### [Directions]
From the line containing "(htmin : min_cost_ext" to the last line of the records below, repeat every line exactly and add nothing else.

Stored data entries

(* Let $(G,\mathcal{T},(A^\circ,B^\circ),k)$ be a Terminal Separation instance, let $\mathcal{T}'\subseteq\mathcal{T}$ be the set of terminal pairs disjoint from $A^\circ\cup B^\circ$, and let $\{s,t\}\in\mathcal{T}'$. Let $(A_s,B_t)$ be a terminal separation of minimum cost among those extending $(A^\circ\cup\{s\},B^\circ\cup\{t\})$, and $(A_t,B_s)$ a terminal separation of minimum cost among those extending $(A^\circ\cup\{t\},B^\circ\cup\{s\})$. Suppose that neither $(A_s,B_t)$ nor $(A_t,B_s)$ contains in $A\cup B$ any terminal pair of $\mathcal{T}'$ other than $\{s,t\}$. Then for every set $A$ with $A^\circ\cup\{s\}\subseteq A\subseteq V(G)\setminus B^\circ$ whose only terminal from pairs of $\mathcal{T}'$ is $s$, we have $d(A)-d(A^\circ)\ge d(A_s)-d(A^\circ)$; and symmetrically, for every set $B$ with $B^\circ\cup\{s\}\subseteq B\subseteq V(G)\setminus A^\circ$ whose only terminal from pairs of $\mathcal{T}'$ is $s$, we have $d(B)-d(B^\circ)\ge d(B_s)-d(B^\circ)$.
   Context: Graphs may have multiple edges but no loops; $d(X)$ is the number of edges with exactly one endpoint in $X$. For a family $\mathcal{T}$ of pairwise disjoint vertex pairs (terminals are their vertices), a terminal separation is a pair $(A,B)$ of disjoint vertex sets such that each pair in $\mathcal{T}$ either has one vertex in $A$ and one in $B$ or is disjoint from $A\cup B$; $(A',B')$ extends $(A,B)$ if $A\subseteq A'$, $B\subseteq B'$; cost $c(A,B)=(d(A)+d(B))/2$. A Terminal Separation instance $(G,\mathcal{T},(A^\circ,B^\circ),k)$ has every terminal of degree at most one and $(A^\circ,B^\circ)$ a terminal separation. *)

(* Multigraph: vertices V : finType, edges E : finType with
   endpoints eu, ev : E -> V (parallel edges allowed; loops excluded by hypothesis). *)
From mathcomp Require Import all_boot all_order all_algebra.
Set Implicit Arguments. Unset Strict Implicit. Unset Printing Implicit Defensive.
Import Order.TTheory GRing.Theory Num.Theory.

Section Defs.
Variables (V E : finType) (eu ev : E -> V).

Definition dcut (X : {set V}) : nat :=
  #|[set e : E | (eu e \in X) != (ev e \in X)]|.

Definition deg (v : V) : nat := #|[set e : E | (eu e == v) || (ev e == v)]|.

Definition cost (A B : {set V}) : rat := ((dcut A + dcut B)%:R / 2%:R)%R.

Definition pair_family (T : {set {set V}}) : Prop :=
  (forall P, P \in T -> #|P| = 2) /\ trivIset T.

Definition terminals (T : {set {set V}}) : {set V} := cover T.

Definition terminal_separation (T : {set {set V}}) (A B : {set V}) : Prop :=
  [disjoint A & B] /\
  forall P, P \in T ->
    (#|P :&: A| = 1 /\ #|P :&: B| = 1) \/ [disjoint P & A :|: B].

Definition extends (A B A' B' : {set V}) : Prop := A \subset A' /\ B \subset B'.

Definition TS_instance (T : {set {set V}}) (A0 B0 : {set V}) (k : nat) : Prop :=
  pair_family T /\
  (forall v, v \in terminals T -> deg v <= 1) /\
  terminal_separation T A0 B0.

Definition min_cost_ext (T : {set {set V}}) (A1 B1 A B : {set V}) : Prop :=
  terminal_separation T A B /\ extends A1 B1 A B /\
  forall A' B', terminal_separation T A' B' -> extends A1 B1 A' B' ->
    (cost A B <= cost A' B')%R.

End Defs.

(* Uncrossing.
   For A as in the statement, (A \ B_t, B_t \ A) is again a terminal separation
   extending (A0 + s, B0 + t): pairs meeting A0 or B0 stay separated, {s, t} is
   separated, and every other free pair avoids both sides, because A meets no free
   terminal besides s and, by hypothesis, no such pair lies in A_s + B_t (so it avoids
   A_s + B_t altogether).  Minimality and posimodularity of the cut function,
   d(A \ B) + d(B \ A) <= d(A) + d(B), give d(A_s) + d(B_t) <= d(A) + d(B_t).
   The statement about B is the same argument with the two sides exchanged. *)
From mathcomp Require Import all_boot all_order all_algebra zify.
Import Order.TTheory GRing.Theory Num.Theory.

Lemma dcut_setD_posimodular (V E : finType) (eu ev : E -> V) (Z W : {set V}) :
  dcut eu ev (Z :\: W) + dcut eu ev (W :\: Z) <= dcut eu ev Z + dcut eu ev W.
Proof.
rewrite /dcut -cardsUI -[X in _ <= X]cardsUI.
apply: leq_add; apply: subset_leq_card; apply/subsetP=> e;
rewrite !(in_setU, in_setI, inE);
by case: (eu e \in Z); case: (ev e \in Z); case: (eu e \in W); case: (ev e \in W).
Qed.

Section PairIntersections.

Context {V : finType} {P X Y : {set V}}.

Lemma card_setI_disjointU :
  [disjoint X & Y] -> #|P :&: (X :|: Y)| = #|P :&: X| + #|P :&: Y|.
Proof.
move=> dXY; rewrite setIUr cardsU -[RHS]subn0; congr (_ - _).
apply/eqP; rewrite cards_eq0; apply/eqP/setP=> v.
by rewrite !inE; case vX: (v \in X); rewrite ?(disjointFr dXY vX) !andbF.
Qed.

Hypotheses (P2 : #|P| = 2) (dXY : [disjoint X & Y]).

Lemma split_pair_subsetU : #|P :&: X| = 1 -> #|P :&: Y| = 1 -> P \subset X :|: Y.
Proof.
move=> PX1 PY1; apply/setIidPl/eqP.
by rewrite eqEcard subsetIl card_setI_disjointU // PX1 PY1 P2.
Qed.

Lemma split_pair_widen {A B : {set V}} : A \subset X -> B \subset Y ->
  #|P :&: A| = 1 -> #|P :&: B| = 1 -> #|P :&: X| = 1 /\ #|P :&: Y| = 1.
Proof.
move=> sAX sBY PA1 PB1.
have PXY : #|P :&: X| + #|P :&: Y| <= 2.
  by rewrite -card_setI_disjointU // -P2 subset_leq_card // subsetIl.
have PXge : 1 <= #|P :&: X| by rewrite -PA1 subset_leq_card // setIS.
have PYge : 1 <= #|P :&: Y| by rewrite -PB1 subset_leq_card // setIS.
by split; lia.
Qed.

End PairIntersections.

Lemma terminal_separation_sym {V : finType} {T : {set {set V}}} {A B : {set V}} :
  terminal_separation T A B -> terminal_separation T B A.
Proof.
move=> [dAB split]; split=> [|P /split]; first by rewrite disjoint_sym.
by rewrite setUC; case=> [[]|]; [left|right].
Qed.

Lemma min_cost_ext_sym {V E : finType} {eu ev : E -> V} {T : {set {set V}}}
    {A1 B1 A B : {set V}} :
  min_cost_ext eu ev T A1 B1 A B -> min_cost_ext eu ev T B1 A1 B A.
Proof.
move=> [sepAB [[sA sB] minAB]]; split; first exact: terminal_separation_sym.
split=> [//|A' B' /terminal_separation_sym sep' [sA' sB']].
by rewrite /cost addnC [(dcut _ _ A' + _)%N]addnC; apply: minAB.
Qed.

Definition free_pairs {V : finType} (T : {set {set V}}) (A0 B0 : {set V}) :=
  [set P in T | [disjoint P & A0 :|: B0]].

Lemma free_pairsC {V : finType} (T : {set {set V}}) A0 B0 :
  free_pairs T A0 B0 = free_pairs T B0 A0.
Proof. by rewrite /free_pairs setUC. Qed.

Section Uncrossing.

Context {V : finType} {T : {set {set V}}} {A0 B0 : {set V}} {x y : V}.
Context {AX BY Z : {set V}}.
Let F := free_pairs T A0 B0.

Hypotheses (pairT : forall P, P \in T -> #|P| = 2)
  (sep0 : terminal_separation T A0 B0) (xy_free : [set x; y] \in F)
  (sepXY : terminal_separation T AX BY) (extXY : extends (x |: A0) (y |: B0) AX BY)
  (only_xy : forall P, P \in F -> P != [set x; y] -> ~~ (P \subset AX :|: BY))
  (sub_xZ : x |: A0 \subset Z) (sub_ZB : Z \subset ~: B0) (Z_free : Z :&: cover F = [set x]).

Let dXY : [disjoint AX & BY] := sepXY.1.
Let xAX : x \in AX. Proof. by rewrite (subsetP extXY.1) ?setU11. Qed.
Let yBY : y \in BY. Proof. by rewrite (subsetP extXY.2) ?setU11. Qed.
Let xZ : x \in Z. Proof. by rewrite (subsetP sub_xZ) ?setU11. Qed.

Let in_cover_free {P v} : P \in F -> v \in P -> v \in cover F.
Proof. by move=> PF vP; apply/bigcupP; exists P. Qed.

Let yZ : y \notin Z.
Proof.
have xy : x != y.
  move: (pairT _ (setIdP xy_free).1); rewrite cards2; by case: (x != y).
apply/negP=> yZ; have : y \in Z :&: cover F.
  by rewrite inE yZ (in_cover_free xy_free) // !inE eqxx orbT.
by rewrite Z_free inE eq_sym (negbTE xy).
Qed.

Lemma uncrossed_extends : extends (x |: A0) (y |: B0) (Z :\: BY) (BY :\: Z).
Proof.
split; apply/subsetP=> v vA; rewrite inE.
- by rewrite (subsetP sub_xZ) // andbT (disjointFr dXY) // (subsetP extXY.1).
- rewrite (subsetP extXY.2) // andbT; apply: contraNN yZ.
  case/setU1P: vA => [<- //| vB0 vZ].
  by move: (subsetP sub_ZB v vZ); rewrite inE vB0.
Qed.

Let free_pair_disjoint {P} : P \in F -> P != [set x; y] -> [disjoint P & AX :|: BY].
Proof.
move=> PF Pxy; have PT := (setIdP PF).1.
case: (sepXY.2 P PT) => // [[PA PB]].
by case/negP: (only_xy _ PF Pxy); rewrite split_pair_subsetU ?(pairT _ PT).
Qed.

Lemma uncrossed_terminal_separation : terminal_separation T (Z :\: BY) (BY :\: Z).
Proof.
have [sA sB] := uncrossed_extends.
have dZB : [disjoint Z :\: BY & BY :\: Z].
  rewrite -setI_eq0; apply/eqP/setP=> v; rewrite !inE.
  by case: (v \in Z); case: (v \in BY).
split=> // P PT.
have [PF|nPF] := boolP (P \in F).
  have [->|Pxy] := eqVneq P [set x; y].
    have -> : [set x; y] :&: (Z :\: BY) = [set x].
      apply/setP=> v; rewrite !inE; case: (eqVneq v x) => [->|_] /=.
        by rewrite xZ (disjointFr dXY xAX).
      by case: eqP => // ->; rewrite yBY.
    have -> : [set x; y] :&: (BY :\: Z) = [set y].
      apply/setP=> v; rewrite !inE; case: (eqVneq v y) => [->|_] /=.
        by rewrite yZ yBY orbT.
      by case: eqP => // ->; rewrite xZ.
    by left; rewrite !cards1.
  right; have dP := free_pair_disjoint PF Pxy.
  rewrite -setI_eq0; apply/eqP/setP=> v; rewrite !inE.
  apply/negbTE; apply/andP=> -[vP /orP[/andP[_ vZ]|/andP[_ vB]]].
    have : v \in Z :&: cover F by rewrite inE vZ (in_cover_free PF).
    rewrite Z_free inE => /eqP vx; subst v.
    by move: (disjointFr dP vP); rewrite inE xAX.
  by move: (disjointFr dP vP); rewrite inE vB orbT.
left; case: (sep0.2 P PT) => [[PA0 PB0]|dP]; last by rewrite inE PT dP in nPF.
apply: (split_pair_widen (pairT _ PT) dZB _ _ PA0 PB0).
  by apply: subset_trans sA; apply: subsetUr.
by apply: subset_trans sB; apply: subsetUr.
Qed.

End Uncrossing.

Lemma min_cost_ext_dcut_le {V E : finType} {eu ev : E -> V} {T : {set {set V}}}
    {A0 B0 : {set V}} {x y : V} {AX BY Z : {set V}} :
  pair_family T -> terminal_separation T A0 B0 ->
  [set x; y] \in free_pairs T A0 B0 ->
  min_cost_ext eu ev T (x |: A0) (y |: B0) AX BY ->
  (forall P, P \in free_pairs T A0 B0 -> P != [set x; y] -> ~~ (P \subset AX :|: BY)) ->
  x |: A0 \subset Z -> Z \subset ~: B0 -> Z :&: cover (free_pairs T A0 B0) = [set x] ->
  dcut eu ev AX <= dcut eu ev Z.
Proof.
move=> [pairT _] sep0 xy_free [sepXY [extXY minXY]] only_xy sub_xZ sub_ZB Z_free.
have := minXY _ _
  (uncrossed_terminal_separation pairT sep0 xy_free sepXY extXY only_xy sub_xZ sub_ZB Z_free)
  (uncrossed_extends pairT xy_free sepXY extXY sub_xZ sub_ZB Z_free).
rewrite /cost ler_pM2r ?invr_gt0 ?ltr0n // ler_nat => costXY.
rewrite -(leq_add2r (dcut eu ev BY)); apply: leq_trans costXY _.
exact: dcut_setD_posimodular.
Qed.

Theorem lemma5p2 (V E : finType) (eu ev : E -> V)
  (noloop : forall e, eu e != ev e)
  (T : {set {set V}}) (A0 B0 : {set V}) (k : nat)
  (inst : TS_instance eu ev T A0 B0 k)
  (s t : V)
  (Tp := [set P in T | [disjoint P & A0 :|: B0]])
  (hst : [set s; t] \in Tp)
  (As Bt At Bs : {set V})
  (hsmin : min_cost_ext eu ev T (s |: A0) (t |: B0) As Bt)
  (htmin : min_cost_ext eu ev T (t |: A0) (s |: B0) At Bs)
  (hs_only : forall P, P \in Tp -> P != [set s; t] -> ~~ (P \subset As :|: Bt))
  (ht_only : forall P, P \in Tp -> P != [set s; t] -> ~~ (P \subset At :|: Bs)) :
  (forall A : {set V}, s |: A0 \subset A -> A \subset ~: B0 ->
     A :&: cover Tp = [set s] ->
     ((dcut eu ev A)%:Z - (dcut eu ev A0)%:Z >= (dcut eu ev As)%:Z - (dcut eu ev A0)%:Z)%R)
  /\
  (forall B : {set V}, s |: B0 \subset B -> B \subset ~: A0 ->
     B :&: cover Tp = [set s] ->
     ((dcut eu ev B)%:Z - (dcut eu ev B0)%:Z >= (dcut eu ev Bs)%:Z - (dcut eu ev B0)%:Z)%R).
Proof.
have [pairs [_ sep0]] := inst.
have TpC : Tp = free_pairs T B0 A0 by rewrite -free_pairsC.
split=> [A | B]; rewrite lerD2r lez_nat.
  exact: min_cost_ext_dcut_le pairs sep0 hst hsmin hs_only.
rewrite TpC in hst ht_only * => sub_sB sub_BA B_free.
have only_st P : P \in free_pairs T B0 A0 -> P != [set s; t] -> ~~ (P \subset Bs :|: At).
  by rewrite [Bs :|: At]setUC; apply: ht_only.
exact: min_cost_ext_dcut_le pairs (terminal_separation_sym sep0) hst
  (min_cost_ext_sym htmin) only_st sub_sB sub_BA B_free.
Qed.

### [Result for this exercise]
  (htmin : min_cost_ext eu ev T (t |: A0) (s |: B0) At Bs)
  (hs_only : forall P, P \in Tp -> P != [set s; t] -> ~~ (P \subset As :|: Bt))
  (ht_only : forall P, P \in Tp -> P != [set s; t] -> ~~ (P \subset At :|: Bs)) :
  (forall A : {set V}, s |: A0 \subset A -> A \subset ~: B0 ->
     A :&: cover Tp = [set s] ->
     ((dcut eu ev A)%:Z - (dcut eu ev A0)%:Z >= (dcut eu ev As)%:Z - (dcut eu ev A0)%:Z)%R)
  /\
  (forall B : {set V}, s |: B0 \subset B -> B \subset ~: A0 ->
     B :&: cover Tp = [set s] ->
     ((dcut eu ev B)%:Z - (dcut eu ev B0)%:Z >= (dcut eu ev Bs)%:Z - (dcut eu ev B0)%:Z)%R).
Proof.
have [pairs [_ sep0]] := inst.
have TpC : Tp = free_pairs T B0 A0 by rewrite -free_pairsC.
split=> [A | B]; rewrite lerD2r lez_nat.
  exact: min_cost_ext_dcut_le pairs sep0 hst hsmin hs_only.
rewrite TpC in hst ht_only * => sub_sB sub_BA B_free.
have only_st P : P \in free_pairs T B0 A0 -> P != [set s; t] -> ~~ (P \subset Bs :|: At).
  by rewrite [Bs :|: At]setUC; apply: ht_only.
exact: min_cost_ext_dcut_le pairs (terminal_separation_sym sep0) hst
  (min_cost_ext_sym htmin) only_st sub_sB sub_BA B_free.
Qed.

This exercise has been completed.